The Sanctuary, small Victorian-era pub near the Houses of Parliament was one similar to where exiled Russian revolutionaries Lenin and Trotsky held their clandestine 1902 London congress, which led to the famous split between the Bolsheviks and the Mensheviks, and the type of pub where Marx and Engels were reported to have enjoyed quaffing a pint of English ale during their years in the 19th century plotting revolution from the British capital.
In a speech after the singing, Corbyn emphasized that his Labour party would be completely different from that led by Blair and other New Labour leaders.
“Ours is a campaign to challenge the politics of austerity, which creates greater and greater, deeper and deeper inequality in our society. We’ve got to do something very different – and we will,” he said to raucous cheering.
“If we don’t understand how our liberties were won, how our health service was gained, how our council housing was ever developed – it wasn’t handed down by the rich and powerful and royalty and others,” Corbyn said. “It came from the demands, aspirations, courage and decency of ordinary people, ordinary socialists.”

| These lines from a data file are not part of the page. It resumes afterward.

(* Let $\mathcal{Q}$ be a poset and let $\mathfrak X$ be an algebra on $\mathcal{Q}$ such that the category $\mathrm{Vect}^{\mathcal{Q}}_{\mathfrak X}$ of finitely $\mathfrak X$-encoded persistence modules is a full abelian subcategory of $\mathrm{Vect}^{\mathcal{Q}}$. Let $\mathfrak X_{\mathrm{Up}}$ be the algebra on $\mathcal{Q}$ generated by the upsets of $\mathcal{Q}$ that belong to $\mathfrak X$. Then the map \[ \nu \longmapsto \Big( M \mapsto \int_{\mathcal{Q}} \dim(M)\, d\nu \Big) \] from the set of contents on $\mathfrak X_{\mathrm{Up}}$ to the class of additive amplitudes on $\mathrm{Vect}^{\mathcal{Q}}_{\mathfrak X}$ is a bijection. In other words, every additive amplitude on $\mathrm{Vect}^{\mathcal{Q}}_{\mathfrak X}$ is given by integrating the Hilbert function $q\mapsto \dim M(q)$ against a unique content on $\mathfrak X_{\mathrm{Up}}$.
   Context: $\mathrm{Vect}$ is the category of finite-dimensional vector spaces over a fixed field $\mathbb F$; a persistence module over a poset $\mathcal{Q}$ is a functor $\mathcal{Q}\to\mathrm{Vect}$ ($\mathcal{Q}$ viewed as a category). An algebra on a set is a family of subsets containing $\emptyset$ and closed under complements and finite unions. An upset of $\mathcal{Q}$ is a subset $U$ with $u\in U, u\le q\Rightarrow q\in U$; a downset is defined dually; an interval is an intersection of an upset and a downset. A finite encoding of $M\in\mathrm{Vect}^{\mathcal{Q}}$ consists of an order-preserving map $e\colon\mathcal{Q}\to\mathcal{P}$ to a finite poset $\mathcal{P}$, a module $M'\in\mathrm{Vect}^{\mathcal{P}}$ and an isomorphism $M\cong e^*M'=M'\circ e$; it is an $\mathfrak X$-encoding if every fiber $e^{-1}(p)$ belongs to $\mathfrak X$. $M$ is finitely $\mathfrak X$-encoded if it admits an $\mathfrak X$-encoding; $\mathrm{Vect}^{\mathcal{Q}}_{\mathfrak X}$ is the full subcategory of such modules. For an abelian category $\mathcal{A}$, an amplitude is a function $\alpha\colon\operatorname{ob}\mathcal{A}\to[0,\infty]$ with $\alpha(0)=0$ such that for every short exact sequence $0\to A\to B\to C\to 0$ one has $\alpha(A)\le\alpha(B)$, $\alpha(C)\le\alpha(B)$ and $\alpha(B)\le\alpha(A)+\alpha(C)$; it is additive if always $\alpha(B)=\alpha(A)+\alpha(C)$. A content on an algebra $\mathfrak A$ is a function $\nu\colon\mathfrak A\to[0,\infty]$ with $\nu(\emptyset)=0$ and $\nu(X\cup Y)=\nu(X)+\nu(Y)$ for disjoint $X,Y\in\mathfrak A$. For $M$ in $\mathrm{Vect}^{\mathcal{Q}}_{\mathfrak X}$ the Hilbert function $\dim(M)\colon q\mapsto\dim M(q)$ takes finitely many values with level sets in $\mathfrak X_{\mathrm{Up}}$, and the integral of such a finitely-valued function $f=\sum_i\lambda_i 1_{X_i}$ is defined as $\int f\,d\nu=\sum_i\lambda_i\nu(X_i)$. *)

From HB Require Import structures.
From mathcomp Require Import all_boot all_order all_algebra.
From mathcomp Require Import boolp classical_sets reals constructive_ereal.

Set Implicit Arguments.
Unset Strict Implicit.
Unset Printing Implicit Defensive.

Import Order.TTheory GRing.Theory Num.Theory.
Local Open Scope classical_set_scope.
Local Open Scope ring_scope.

Section SetAlgebras.
Context (T : Type).

Definition is_algebra (X : set (set T)) : Prop :=
  [/\ X set0,
      (forall A, X A -> X (~` A)) &
      (forall A B, X A -> X B -> X (A `|` B))].

Definition gen_algebra (G : set (set T)) : set (set T) :=
  fun A => forall Y : set (set T), is_algebra Y -> G `<=` Y -> Y A.

End SetAlgebras.

Definition is_upset (d : Order.disp_t) (Q : porderType d) (U : set Q) : Prop :=
  forall u q : Q, U u -> (u <= q)%O -> U q.

Section Contents.
Context (T : Type) (R : realType).
Local Open Scope ereal_scope.

Definition content (A : set (set T)) (nu : set T -> \bar R) : Prop :=
  [/\ nu set0 = 0,
      (forall X, A X -> 0 <= nu X) &
      (forall X Y, A X -> A Y -> X `&` Y = set0 -> nu (X `|` Y) = nu X + nu Y)].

He also paid tribute to his socialist mentor, the late left-wing socialist MP Tony Benn, who died last year at age 88, quoting his words inscribed on a pennant handed to Corbyn as he came into the pub: “Hope is the fuel of progress and fear is the prison in which you put yourself.”
From the Sanctuary, Corbyn then fittingly went to deliver a speech to tens of thousands of people in Parliament Square in support of refugees fleeing wars in Syria and throughout the Middle East.

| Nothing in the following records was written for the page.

(* Let $A$ be a finite skew brace, $k$ a field, $I$ an ideal of $A$, and $(V,\beta,\rho)$ an irreducible representation of $A$ over $k$. Then the restriction $(V,\beta|_I,\rho|_I)$, a representation of the skew brace $I$, is completely reducible. Write $V=W_1\oplus\cdots\oplus W_r$, where $S_1,\dots,S_r$ are pairwise non-equivalent irreducible representations of $I$ and $W_i$ (the homogeneous component of type $S_i$) is the sum of all irreducible $I$-subrepresentations of $V$ equivalent to $S_i$, with $W_i\cong S_i^{\oplus m_i}$. Then: (a) for each $g\in\Lambda_A$, $\varphi_{(\beta,\rho)}(g)$ maps each $W_i$ onto some $W_j$, and the resulting action of $\Lambda_A$ on $\{W_1,\dots,W_r\}$ is transitive; (b) $m_1=\cdots=m_r$ and $\dim_k S_1=\cdots=\dim_k S_r$.
   Context: A skew brace is a set $A$ with two group operations $\cdot$ and $\circ$ such that $a\circ(b\cdot c)=(a\circ b)\cdot a^{-1}\cdot(a\circ c)$ for all $a,b,c\in A$; here $a^{-1}$ is the inverse in $(A,\cdot)$. For $a\in A$ let $\lambda_a(b)=a^{-1}\cdot(a\circ b)$ and $\lambda^{\mathrm{op}}_a(b)=(a\circ b)\cdot a^{-1}$. Let $\Lambda_A$ be the group on $A\times A$ with multiplication $(a,b)(c,d)=(a\cdot\lambda^{\mathrm{op}}_b(c),\,b\circ d)$. A representation of $A$ over $k$ is a triple $(V,\beta,\rho)$ with $V$ a $k$-vector space, $\beta:(A,\cdot)\to\mathrm{GL}(V)$, $\rho:(A,\circ)\to\mathrm{GL}(V)$ group homomorphisms such that $\beta(\lambda^{\mathrm{op}}_a(b))=\rho(a)\beta(b)\rho(a)^{-1}$ for all $a,b\in A$; it gives $\varphi_{(\beta,\rho)}:\Lambda_A\to\mathrm{GL}(V)$, $(a,b)\mapsto\beta(a)\rho(b)$. A subrepresentation is a subspace invariant under all $\beta(a),\rho(b)$; irreducible means $V\neq0$ with no subrepresentations other than $0,V$; completely reducible means a direct sum of irreducible subrepresentations. Two representations $(V_1,\beta_1,\rho_1),(V_2,\beta_2,\rho_2)$ are equivalent if there is a linear isomorphism $T:V_1\to V_2$ with $T\beta_1(a)=\beta_2(a)T$ and $T\rho_1(a)=\rho_2(a)T$ for all $a$. An ideal of $A$ is a subset $I$ that is a normal subgroup of both $(A,\cdot)$ and $(A,\circ)$ with $\lambda_a(I)\subseteq I$ for all $a\in A$; then $(I,\cdot,\circ)$ is a skew brace. *)

From mathcomp Require Import all_boot all_order all_algebra.
Set Implicit Arguments. Unset Strict Implicit. Unset Printing Implicit Defensive.
Import GRing.Theory.
Local Open Scope ring_scope.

READ MORE: Triumph or divide? Leaders & activists speak out on Corbyn’s Labour victory
The singing of ‘The Red Flag’ produced a bull-like reaction from right-wing media mogul Rupert Murdoch, who tweeted that Cameron was “lucky” to have an opponent who sang the socialist anthem.
Murdoch, whose has enjoyed a controversially close relationship with British prime ministers from Margaret Thatcher to Tony Blair and now Cameron, has a visceral hatred of left-wing politics.
There is likely to be no love lost between Corbyn’s new Labour leadership and Murdoch, as Corbyn’s newly elected deputy leader, Tom Watson MP, led a successful campaign to expose the scandal of illegal phone hacking by Murdoch’s “News of the World” tabloid.